- **WHAT TO DO**
Each of the records below must be reproduced exactly.

- **DATASET**
Theorem theorem2 (R : realType) (p : nat)
  (Theta : set 'cV[R]_p) (thetas : 'cV[R]_p)
  (d : measure_display) (Omega : measurableType d) (P : probability Omega R)
  (TT : set R)
  (H : R -> Omega -> 'cV[R]_p -> R)
  (xi : R -> Omega -> 'I_p -> R) (pen : R -> R)
  (thetahat : R -> Omega -> 'cV[R]_p)
  (a : R -> 'M[R]_p) (q : R) :
  open Theta -> bounded_set Theta -> Theta thetas ->
  (forall T, TT T -> 0 <= T) -> (forall M : R, exists T, TT T /\ M < T) ->
  (forall T w, {within closure Theta, continuous (H T w)}) ->
  (forall T w j, 0 < xi T w j) ->
  (forall x, 0 <= pen x) -> pen 0 = 0 ->
  let Hdag := fun T w (th : 'cV[R]_p) =>
    H T w th - \sum_(j < p) xi T w j * pen (th j 0) in
  (forall T j, measurable_fun setT (fun w => thetahat T w j 0)) ->
  (forall T w, closure Theta (thetahat T w)) ->
  (forall T w th, closure Theta th -> Hdag T w th <= Hdag T w (thetahat T w)) ->
  (forall T, is_diag_mx (a T)) -> (forall T, a T \in unitmx) ->
  cvgT TT (fun T => specnorm (a T)) 0 ->
  0 < q -> q <= 1 ->
  let J0 := [set j : 'I_p | thetas j 0 == 0]%SET in
  let atil := fun T w => diag_mx (\row_(j < p)
     (if j \in J0 then xi T w j `^ (- q^-1) else a T j j)) in
  let G := fun T w => invmx (a T) *m atil T w in
  let U := fun T => [set u : 'cV[R]_p | closure Theta (thetas + a T *m u)] in
  (* [A5] *)
  (exists lam : R, 0 < lam /\
     (fun x => pen x / `|x| `^ q) x @[x --> (0:R)^'] --> lam) ->
  (* [A7] *)
  (forall M : R, 0 < M ->
     cvg0_inprob P TT (fun T w =>
       ereal_sup [set ((`|H T w (thetas + a T *m uv.1) - H T w (thetas + a T *m uv.2)|
                        / enorm (uv.1 - uv.2) `^ q)
                       * specnorm (subJJ J0 (G T w)) `^ q)%:E
                 | uv in [set uv : 'cV[R]_p * 'cV[R]_p |
                           [/\ U T uv.1, U T uv.2, enorm uv.1 < M,
                               enorm uv.2 < M & uv.1 <> uv.2]]])) ->
  (* uhat_T = a_T^{-1}(thetahat_T - thetas) = O_p(1) *)
  Op1 P TT (fun T w => enorm (invmx (a T) *m (thetahat T w - thetas))) ->
  cvgT TT (fun T => fine (P [set w | forall j, j \in J0 -> thetahat T w j 0 = 0])) 1.
Proof.
move=> oTheta _ Theta_thetas _ _ _ xi_gt0 pen_ge0 pen0 Hdag mthetahat thetahat_in
  thetahat_max a_diag a_unit a_cvg q_gt0 _ J0 atil G U [lam [lam_gt0 A5]] A7 uhat_Op
  e e_gt0.
have [e2_gt0 lam2_gt0] : 0 < e / 2 /\ 0 < lam / 2 by split; lra.
have /(dnbhs0_gt A5) [dd dd_gt0 pen_ratio_gt] : lam / 2 < lam by lra.
have [r r_gt0 ball_in_Theta] := open_coord_ball oTheta Theta_thetas.
have [T0 [_ [M [M_gt0 uhat_small]]]] := uhat_Op (e / 2) e2_gt0.
have [T1 a_small] : exists T1 : R, forall T, TT T -> T1 <= T ->
    specnorm (a T) * M < Num.min r dd.
  have [|T1 aT] := a_cvg (Num.min r dd / M).
    by rewrite divr_gt0 ?lt_min ?r_gt0.
  exists T1 => T TT_T T1T; rewrite -ltr_pdivlMr // -[specnorm _]subr0.
  exact: le_lt_trans (ler_norm _) (aT T TT_T T1T).
have [T2 ratio_small] :=
  A7 (M + 1) (addr_gt0 M_gt0 ltr01) (lam / 2) lam2_gt0 (e / 2) e2_gt0.
exists (Num.max T0 (Num.max T1 T2)) => T TT_T.
rewrite !ge_max => /and3P[T0T T1T T2T].
have [B [mB B_cover] PB] := outerP_lt_cover (ratio_small T TT_T T2T).
rewrite [e]splitr; apply: probability_cover_compl mB _ _ (uhat_small T TT_T T0T) PB.
- apply/measurable_normr_gt/measurable_fun_enorm => i.
  exact: measurable_fun_affine_coord.
- exact: measurable_coords_eq0.
move=> w /not_orP[/negP]; rewrite -leNgt ger0_norm ?enorm_ge0 // => uhat_le notB j.
rewrite inE => /eqP thetas_j; apply/eqP; apply: contraT => thetahat_j.
exfalso; apply/notB/B_cover.
apply: le_trans (lee_abs _).
apply: (zero_coord_ratio_sup_ge (r := r) (dd := dd)
  (thetahat := thetahat T w)) => //.
- exact: thetahat_max.
- exact: a_small.
- exact: thetas_j.
- exact: thetahat_j.
Qed.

- **ANSWER TO THE PROBLEM**
Theorem theorem2 (R : realType) (p : nat)
  (Theta : set 'cV[R]_p) (thetas : 'cV[R]_p)
  (d : measure_display) (Omega : measurableType d) (P : probability Omega R)
  (TT : set R)
  (H : R -> Omega -> 'cV[R]_p -> R)
  (xi : R -> Omega -> 'I_p -> R) (pen : R -> R)
  (thetahat : R -> Omega -> 'cV[R]_p)
  (a : R -> 'M[R]_p) (q : R) :
  open Theta -> bounded_set Theta -> Theta thetas ->
  (forall T, TT T -> 0 <= T) -> (forall M : R, exists T, TT T /\ M < T) ->
  (forall T w, {within closure Theta, continuous (H T w)}) ->
  (forall T w j, 0 < xi T w j) ->
  (forall x, 0 <= pen x) -> pen 0 = 0 ->
  let Hdag := fun T w (th : 'cV[R]_p) =>
    H T w th - \sum_(j < p) xi T w j * pen (th j 0) in
  (forall T j, measurable_fun setT (fun w => thetahat T w j 0)) ->
  (forall T w, closure Theta (thetahat T w)) ->
  (forall T w th, closure Theta th -> Hdag T w th <= Hdag T w (thetahat T w)) ->
  (forall T, is_diag_mx (a T)) -> (forall T, a T \in unitmx) ->
  cvgT TT (fun T => specnorm (a T)) 0 ->
  0 < q -> q <= 1 ->
  let J0 := [set j : 'I_p | thetas j 0 == 0]%SET in
  let atil := fun T w => diag_mx (\row_(j < p)
     (if j \in J0 then xi T w j `^ (- q^-1) else a T j j)) in
  let G := fun T w => invmx (a T) *m atil T w in
  let U := fun T => [set u : 'cV[R]_p | closure Theta (thetas + a T *m u)] in
  (* [A5] *)
  (exists lam : R, 0 < lam /\
     (fun x => pen x / `|x| `^ q) x @[x --> (0:R)^'] --> lam) ->
  (* [A7] *)
  (forall M : R, 0 < M ->
     cvg0_inprob P TT (fun T w =>
       ereal_sup [set ((`|H T w (thetas + a T *m uv.1) - H T w (thetas + a T *m uv.2)|
                        / enorm (uv.1 - uv.2) `^ q)
                       * specnorm (subJJ J0 (G T w)) `^ q)%:E
                 | uv in [set uv : 'cV[R]_p * 'cV[R]_p |
                           [/\ U T uv.1, U T uv.2, enorm uv.1 < M,
                               enorm uv.2 < M & uv.1 <> uv.2]]])) ->
  (* uhat_T = a_T^{-1}(thetahat_T - thetas) = O_p(1) *)
  Op1 P TT (fun T w => enorm (invmx (a T) *m (thetahat T w - thetas))) ->
  cvgT TT (fun T => fine (P [set w | forall j, j \in J0 -> thetahat T w j 0 = 0])) 1.
Proof.
move=> oTheta _ Theta_thetas _ _ _ xi_gt0 pen_ge0 pen0 Hdag mthetahat thetahat_in
  thetahat_max a_diag a_unit a_cvg q_gt0 _ J0 atil G U [lam [lam_gt0 A5]] A7 uhat_Op
  e e_gt0.
have [e2_gt0 lam2_gt0] : 0 < e / 2 /\ 0 < lam / 2 by split; lra.
have /(dnbhs0_gt A5) [dd dd_gt0 pen_ratio_gt] : lam / 2 < lam by lra.
have [r r_gt0 ball_in_Theta] := open_coord_ball oTheta Theta_thetas.
have [T0 [_ [M [M_gt0 uhat_small]]]] := uhat_Op (e / 2) e2_gt0.
have [T1 a_small] : exists T1 : R, forall T, TT T -> T1 <= T ->
    specnorm (a T) * M < Num.min r dd.
  have [|T1 aT] := a_cvg (Num.min r dd / M).
    by rewrite divr_gt0 ?lt_min ?r_gt0.
  exists T1 => T TT_T T1T; rewrite -ltr_pdivlMr // -[specnorm _]subr0.
  exact: le_lt_trans (ler_norm _) (aT T TT_T T1T).
have [T2 ratio_small] :=
  A7 (M + 1) (addr_gt0 M_gt0 ltr01) (lam / 2) lam2_gt0 (e / 2) e2_gt0.
exists (Num.max T0 (Num.max T1 T2)) => T TT_T.
rewrite !ge_max => /and3P[T0T T1T T2T].
have [B [mB B_cover] PB] := outerP_lt_cover (ratio_small T TT_T T2T).
rewrite [e]splitr; apply: probability_cover_compl mB _ _ (uhat_small T TT_T T0T) PB.
- apply/measurable_normr_gt/measurable_fun_enorm => i.
  exact: measurable_fun_affine_coord.
- exact: measurable_coords_eq0.
move=> w /not_orP[/negP]; rewrite -leNgt ger0_norm ?enorm_ge0 // => uhat_le notB j.
rewrite inE => /eqP thetas_j; apply/eqP; apply: contraT => thetahat_j.
exfalso; apply/notB/B_cover.
apply: le_trans (lee_abs _).
apply: (zero_coord_ratio_sup_ge (r := r) (dd := dd)
  (thetahat := thetahat T w)) => //.
- exact: thetahat_max.
- exact: a_small.
- exact: thetas_j.
- exact: thetahat_j.
Qed.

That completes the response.